(* Let $\beta_1=\frac{p_1}{q_1}>1$ and $\beta_2=\frac{p_2}{q_2}>1$ with $\gcd(p_1,q_1)=\gcd(p_2,q_2)=1$, and suppose $p_1\neq kq_2$ for every $k\in\mathbb{N}$. Write $\frac{p_1}{q_2}=\frac{p}{z}$ with $\gcd(p,z)=1$ (so $z>1$). Then for every $n\ge 1$ there are integers $t_n$ and $m_n\ge 1$ such that $T_{\beta_1\circ\beta_2}^n(1)=\frac{t_n}{m_n z^n}$ and $\gcd(t_n,z)=1$. Consequently the set $O_{T_{\beta_1\circ\beta_2}}(1)$ is infinite.
   Context: For a real number $\gamma>1$ let $T_\gamma:[0,1)\to[0,1)$, $T_\gamma(x)=\gamma x \bmod 1$, and $T_{\beta_1\circ\beta_2}:=T_{\beta_1}\circ T_{\beta_2}$. The value at $1$ is defined as the left limit, $T_{\beta_1\circ\beta_2}(1):=\lim_{x\nearrow1}T_{\beta_1\circ\beta_2}(x)$ (equivalently $T_{\beta_2}(1):=1$ and $T_{\beta_1}(1):=\lim_{x\nearrow 1}T_{\beta_1}(x)$), and $T^n_{\beta_1\circ\beta_2}(1):=T^{n-1}_{\beta_1\circ\beta_2}(T_{\beta_1\circ\beta_2}(1))$ for $n\ge2$. The orbit set is $O_{T_{\beta_1\circ\beta_2}}(1):=\{T^k_{\beta_1\circ\beta_2}(1):k\ge1\}$. *)

From HB Require Import structures.
From mathcomp Require Import all_boot all_order all_algebra.
From mathcomp Require Import all_classical all_reals all_analysis.
Set Implicit Arguments. Unset Strict Implicit. Unset Printing Implicit Defensive.
Import Order.TTheory GRing.Theory Num.Theory.
Import numFieldNormedType.Exports.
Local Open Scope classical_set_scope.
Local Open Scope ring_scope.

Definition Tb (R : realType) (g : R) (x : R) : R :=
  g * x - (Num.floor (g * x))%:~R.

Definition Tcomp (R : realType) (b1 b2 : R) (x : R) : R := Tb b1 (Tb b2 x).

Definition Tcomp_at1 (R : realType) (b1 b2 : R) : R :=
  lim (Tcomp b1 b2 x @[x --> (1 : R)^'-]).

Definition Text (R : realType) (b1 b2 : R) (x : R) : R :=
  if x == 1 then Tcomp_at1 b1 b2 else Tcomp b1 b2 x.

Definition Titer1 (R : realType) (b1 b2 : R) (n : nat) : R :=
  iter n (Text b1 b2) 1.

Definition orbit1 (R : realType) (b1 b2 : R) : set R :=
  [set y | exists k : nat, (1 <= k)%N /\ y = Titer1 b1 b2 k].

From HB Require Import structures.
From mathcomp Require Import all_boot all_order all_algebra.
From mathcomp Require Import all_classical all_reals all_analysis.
From mathcomp Require Import ring.
Import Order.TTheory GRing.Theory Num.Theory.
Import numFieldNormedType.Exports.
Local Open Scope classical_set_scope.
Local Open Scope ring_scope.
Set Implicit Arguments.
Unset Strict Implicit.

(* Write p1/q2 = p/z in lowest terms, so that z divides q2 and is coprime to
   p2 and to p. If x = t/D with gcd(t, z) = 1, then T_{b2} x = s/(q2 D) with
   s = p2 t mod q2 D, and T_{b1} of that is t'/(q1 z D) with
   t' = p s mod q1 z D; reducing modulo a multiple of z does not affect
   coprimality with z, so gcd(t', z) = 1 again. Hence T^n(1) = t_n/(q1^n z^n)
   with gcd(t_n, z) = 1, and T^n(1) = T^k(1) for n < k would force z to divide
   t_k, so the orbit is infinite. Both intermediate values at 1 are nonzero, so
   the composition is affine on a left neighbourhood of 1 and its left limit
   there is its value. *)

Section LeftLimit.
Variable R : realType.

Lemma floor_eq_left (x y : R) :
  (Num.floor y)%:~R < x <= y -> Num.floor x = Num.floor y.
Proof.
case/andP=> yx xy; apply: floor_def; rewrite ltW //=.
exact: le_lt_trans xy (floorD1_gt y).
Qed.

Lemma Tb_left_affine (g y : R) : 0 < g -> 0 < Tb g y ->
  exists2 c, c < y & forall x, c < x <= y ->
    Tb g x = g * x - (Num.floor (g * y))%:~R.
Proof.
move=> g0 Ty0; exists ((Num.floor (g * y))%:~R / g).
  by rewrite ltr_pdivrMr // [y * g]mulrC -subr_gt0.
move=> x /andP[cx xy]; rewrite /Tb (@floor_eq_left (g * x) (g * y)) //.
by rewrite -ltr_pdivrMl // mulrC cx ler_pM2l.
Qed.

Lemma Tcomp_left_affine (b1 b2 y : R) : 0 < b1 -> 0 < b2 ->
  0 < Tb b2 y -> 0 < Tb b1 (Tb b2 y) ->
  exists2 c, c < y & forall x, c < x <= y ->
    Tcomp b1 b2 x = b1 * (b2 * x - (Num.floor (b2 * y))%:~R)
                    - (Num.floor (b1 * Tb b2 y))%:~R.
Proof.
move=> b10 b20 T2y T12y.
have [c2 c2y e2] := Tb_left_affine b20 T2y.
have [c1 c1T e1] := Tb_left_affine b10 T12y.
have T2yE : Tb b2 y = b2 * y - (Num.floor (b2 * y))%:~R by [].
exists (Num.max c2 ((c1 + (Num.floor (b2 * y))%:~R) / b2)).
  by rewrite gt_max c2y ltr_pdivrMr // [y * b2]mulrC -ltrBrDr -T2yE.
move=> x /andP[]; rewrite gt_max => /andP[c2x c1x] xy.
rewrite ltr_pdivrMr // [x * b2]mulrC -ltrBrDr in c1x.
rewrite /Tcomp e2 ?c2x ?xy // e1 // c1x T2yE lerB // ler_pM2l //.
Qed.

Lemma Tcomp_at1E (b1 b2 : R) : 0 < b1 -> 0 < b2 ->
  0 < Tb b2 1 -> 0 < Tb b1 (Tb b2 1) -> Tcomp_at1 b1 b2 = Tcomp b1 b2 1.
Proof.
move=> b10 b20 T21 T121.
have [c c1 e] := Tcomp_left_affine b10 b20 T21 T121.
pose h x := b1 * (b2 * x - (Num.floor (b2 * 1))%:~R)
             - (Num.floor (b1 * Tb b2 1))%:~R.
have -> : Tcomp b1 b2 1 = h 1 by rewrite e // c1 lexx.
have h_cont : h x @[x --> (1 : R)^'-] --> h 1.
  apply: cvg_at_left_filter; apply: cvgB; last exact: cvg_cst.
  apply: cvgM; first exact: cvg_cst.
  apply: cvgB; last exact: cvg_cst.
  by apply: cvgM; [exact: cvg_cst | exact: cvg_id].
apply: cvg_lim => //; apply: cvg_trans h_cont; apply: near_eq_cvg.
near=> x; rewrite e //; apply/andP; split; near: x.
  exact: nbhs_left_gt.
exact: nbhs_left_le.
Unshelve. all: by end_near.
Qed.

End LeftLimit.

Lemma floor_natr_div (R : realType) (a b : nat) : (0 < b)%N ->
  Num.floor (a%:R / b%:R : R) = (a %/ b)%:Z.
Proof.
move=> b0; have b0R : (0 : R) < b%:R by rewrite ltr0n.
apply: floor_def; rewrite intrD /= !pmulrn -natrD ler_pdivlMr // ltr_pdivrMr //.
by rewrite -!natrM ler_nat ltr_nat leq_divM addn1 ltn_ceil.
Qed.

Lemma Tb_natr_div (R : realType) (a b t D : nat) : (0 < b)%N -> (0 < D)%N ->
  Tb (a%:R / b%:R : R) (t%:R / D%:R) = ((a * t) %% (b * D))%:R / (b * D)%:R.
Proof.
move=> b0 D0; have bD0 : (0 < b * D)%N by rewrite muln_gt0 b0.
have bD0R : (b * D)%:R != 0 :> R by rewrite pnatr_eq0 -lt0n.
rewrite /Tb mulf_div -!natrM floor_natr_div // {1}(divn_eq (a * t) (b * D)).
by rewrite natrD natrM mulrDl mulfK // -pmulrn addrC addKr.
Qed.

Lemma coprime_mod_dvd (a M z : nat) : (z %| M)%N ->
  coprime (a %% M) z = coprime a z.
Proof. by move=> zM; rewrite -coprime_modl (modn_dvdm _ zM) coprime_modl. Qed.

Lemma coprime_ndvd (s z : nat) : (1 < z)%N -> coprime s z -> ~~ (z %| s)%N.
Proof.
move=> z_gt1; apply: contraL => /gcdn_idPr z_gcd.
by rewrite /coprime z_gcd gtn_eqF.
Qed.

Lemma coprime_gt0 (s z : nat) : (1 < z)%N -> coprime s z -> (0 < s)%N.
Proof. by move=> z_gt1 /(coprime_ndvd z_gt1); case: s => //; rewrite dvdn0. Qed.

Lemma reduced_denom_gt1 (p1 q2 p z : nat) : (forall k, p1 <> (k * q2)%N) ->
  (0 < z)%N -> (p1 * z)%N = (p * q2)%N -> (1 < z)%N.
Proof.
move=> p1_not_mul; case: z => [|[|//]] // _; rewrite muln1.
by move/p1_not_mul.
Qed.

Lemma reduced_denom_dvd (p1 q2 p z : nat) : coprime p z ->
  (p1 * z)%N = (p * q2)%N -> (z %| q2)%N.
Proof.
rewrite coprime_sym => cozp p1z_pq2.
by rewrite -(Gauss_dvdl q2 cozp) mulnC -p1z_pq2 dvdn_mull.
Qed.

Lemma natr_div_eq_dvd (R : realType) (t t' A B : nat) :
  (0 < A)%N -> (0 < B)%N ->
  (t%:R / A%:R : R) = t'%:R / (A * B)%:R -> (B %| t')%N.
Proof.
move=> A0 B0 /eqP; rewrite eqr_div ?pnatr_eq0 -?lt0n ?muln_gt0 ?A0 ?B0 //.
rewrite -!natrM eqr_nat mulnCA [(t' * A)%N]mulnC eqn_pmul2l // => /eqP <-.
by rewrite dvdn_mull.
Qed.

Section RationalOrbit.
Variables (R : realType) (p1 q1 p2 q2 p z : nat).
Hypotheses (p1_gt0 : (0 < p1)%N) (q1_gt0 : (0 < q1)%N)
  (p2_gt0 : (0 < p2)%N) (q2_gt0 : (0 < q2)%N) (z_gt1 : (1 < z)%N)
  (cop2q2 : coprime p2 q2) (copz : coprime p z) (z_dvd_q2 : (z %| q2)%N)
  (p1z_pq2 : (p1 * z)%N = (p * q2)%N).

Let b1 : R := p1%:R / q1%:R.
Let b2 : R := p2%:R / q2%:R.

Lemma q1z_expn_gt0 (n : nat) : (0 < q1 ^ n * z ^ n)%N.
Proof. by rewrite muln_gt0 !expn_gt0 q1_gt0 ltnW. Qed.

Lemma Tb2_natr_div (t D : nat) : (0 < D)%N -> coprime t z ->
  exists2 s, Tb b2 (t%:R / D%:R) = s%:R / (q2 * D)%:R & coprime s z.
Proof.
move=> D_gt0 cotz; exists ((p2 * t) %% (q2 * D))%N; first exact: Tb_natr_div.
rewrite coprime_mod_dvd ?dvdn_mulr // coprimeMl cotz andbT.
exact: coprime_dvdr cop2q2.
Qed.

(* Since [p1 / q2 = p / z], [b1] acts on a denominator [q2 * D] as [p / q1]
   acts on [z * D]. *)
Lemma Tb1_natr_div (s D : nat) : (0 < D)%N -> coprime s z ->
  exists2 t, Tb b1 (s%:R / (q2 * D)%:R) = t%:R / (q1 * (z * D))%:R
           & coprime t z.
Proof.
move=> D_gt0 cosz; have zD_gt0 : (0 < z * D)%N by rewrite muln_gt0 ltnW.
exists ((p * s) %% (q1 * (z * D)))%N; last first.
  rewrite coprime_mod_dvd ?coprimeMl ?copz ?cosz //.
  by rewrite dvdn_mull // dvdn_mulr.
rewrite -Tb_natr_div // /Tb.
suff -> : b1 * (s%:R / (q2 * D)%:R) = p%:R / q1%:R * (s%:R / (z * D)%:R) by [].
apply/eqP; rewrite /b1 !mulf_div -!natrM eqr_div ?pnatr_eq0 -?lt0n
  ?muln_gt0 ?q1_gt0 ?q2_gt0 ?(ltnW z_gt1) ?D_gt0 // -!natrM eqr_nat.
apply/eqP.
have -> : (p1 * s * (q1 * (z * D)) = (p1 * z) * (s * (q1 * D)))%N by ring.
by rewrite p1z_pq2; ring.
Qed.

Lemma Tcomp_natr_div (t D : nat) : (0 < D)%N -> coprime t z ->
  exists2 t', Tcomp b1 b2 (t%:R / D%:R) = t'%:R / (q1 * (z * D))%:R
            & coprime t' z.
Proof.
move=> D_gt0 cotz; rewrite /Tcomp; have [s -> cosz] := Tb2_natr_div D_gt0 cotz.
exact: Tb1_natr_div.
Qed.

Lemma iter_Tcomp1_natr_div (n : nat) : exists2 t,
  iter n (Tcomp b1 b2) 1 = t%:R / (q1 ^ n * z ^ n)%:R & coprime t z.
Proof.
elim: n => [|n [t tE cotz]]; first by exists 1%N; rewrite ?divr1 ?coprime1n.
have [t' t'E cot'z] := Tcomp_natr_div (q1z_expn_gt0 n) cotz.
exists t' => //; rewrite iterS tE t'E !expnS; congr (_ / _%:R); ring.
Qed.

Lemma Titer1E (n : nat) : Titer1 b1 b2 n = iter n (Tcomp b1 b2) 1.
Proof.
have b1_gt0 : 0 < b1 by rewrite divr_gt0 ?ltr0n.
have b2_gt0 : 0 < b2 by rewrite divr_gt0 ?ltr0n.
have [s T21 cosz] := @Tb2_natr_div 1 1 isT (coprime1n z).
have [t T121 cotz] := @Tb1_natr_div s 1 isT cosz.
rewrite divr1 in T21; rewrite /Titer1.
suff -> : Text b1 b2 = Tcomp b1 b2 by [].
apply/funext => x; rewrite /Text; case: eqP => [->|//].
apply: Tcomp_at1E => //; rewrite T21 ?T121 divr_gt0 // ltr0n.
- exact: coprime_gt0 z_gt1 cosz.
- by rewrite muln_gt0 q2_gt0.
- exact: coprime_gt0 z_gt1 cotz.
- by rewrite !muln_gt0 q1_gt0 ltnW.
Qed.

Lemma iter_Tcomp1_inj : injective (fun n => iter n (Tcomp b1 b2) 1).
Proof.
have lt_neq n k : (n < k)%N ->
    iter n (Tcomp b1 b2) 1 != iter k (Tcomp b1 b2) 1.
  move=> lt_nk; apply/eqP.
  have [tn -> _] := iter_Tcomp1_natr_div n.
  have [tk -> cotkz] := iter_Tcomp1_natr_div k.
  rewrite -(subnKC (ltnW lt_nk)) !expnD mulnACA.
  move=> /(natr_div_eq_dvd (q1z_expn_gt0 n) (q1z_expn_gt0 _)) dvd_tk.
  move/negP: (coprime_ndvd z_gt1 cotkz); apply; apply: dvdn_trans dvd_tk.
  by rewrite dvdn_mull // dvdn_exp // subn_gt0.
by move=> n k /= E; case: (ltngtP n k) => // /lt_neq; rewrite E eqxx.
Qed.

End RationalOrbit.

Theorem lemma4p1 (R : realType) (p1 q1 p2 q2 p z : nat) :
  (0 < q1)%N -> (0 < q2)%N -> (q1 < p1)%N -> (q2 < p2)%N ->
  coprime p1 q1 -> coprime p2 q2 ->
  (forall k : nat, p1 <> (k * q2)%N) ->
  (0 < z)%N -> coprime p z -> (p1 * z)%N = (p * q2)%N ->
  (forall n : nat, (1 <= n)%N ->
     exists (t : int) (m : nat), (1 <= m)%N /\
       Titer1 (p1%:R / q1%:R : R) (p2%:R / q2%:R) n
         = t%:~R / (m%:R * z%:R ^+ n) /\
       coprimez t z%:Z) /\
  ~ finite_set (orbit1 (p1%:R / q1%:R : R) (p2%:R / q2%:R)).
Proof.
move=> q1_gt0 q2_gt0 q1_lt_p1 q2_lt_p2 _ cop2q2 p1_not_mul z_gt0 copz p1z_pq2.
have z_gt1 := reduced_denom_gt1 p1_not_mul z_gt0 p1z_pq2.
have z_dvd_q2 := reduced_denom_dvd copz p1z_pq2.
have p1_gt0 := leq_ltn_trans (leq0n q1) q1_lt_p1.
have p2_gt0 := leq_ltn_trans (leq0n q2) q2_lt_p2.
have iterE := Titer1E R p1_gt0 q1_gt0 p2_gt0 q2_gt0 z_gt1 cop2q2 copz
  z_dvd_q2 p1z_pq2.
split.
  move=> n _; have [t tE cotz] := iter_Tcomp1_natr_div R q1_gt0 q2_gt0 z_gt1
    cop2q2 copz z_dvd_q2 p1z_pq2 n.
  exists (Posz t), (q1 ^ n)%N; rewrite expn_gt0 q1_gt0 coprimezE iterE tE.
  by rewrite natrM !natrX.
have iter_inj := @iter_Tcomp1_inj R _ _ _ _ _ _ q1_gt0 q2_gt0 z_gt1 cop2q2
  copz z_dvd_q2 p1z_pq2.
pose f n := Titer1 (p1%:R / q1%:R : R) (p2%:R / q2%:R) n.+1.
have f_inj : injective f.
  by move=> m n; rewrite /f !iterE => /iter_inj/succn_inj.
move=> /(finite_preimage (in2W f_inj)).
suff -> : f @^-1` orbit1 (p1%:R / q1%:R) (p2%:R / q2%:R) = [set: nat].
  exact: infinite_nat.
by apply/seteqP; split => // n _; exists n.+1.
Qed.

-=-=-=-=-

TASK REQUIREMENTS:
Would you retype exactly the lines above, from the line with "Lemma iter_Tcomp1_natr_div (n" to the line with "elim: n => [|n", with both end lines kept and nothing more?

ANSWER BOX:
Lemma iter_Tcomp1_natr_div (n : nat) : exists2 t,
  iter n (Tcomp b1 b2) 1 = t%:R / (q1 ^ n * z ^ n)%:R & coprime t z.
Proof.
elim: n => [|n [t tE cotz]]; first by exists 1%N; rewrite ?divr1 ?coprime1n.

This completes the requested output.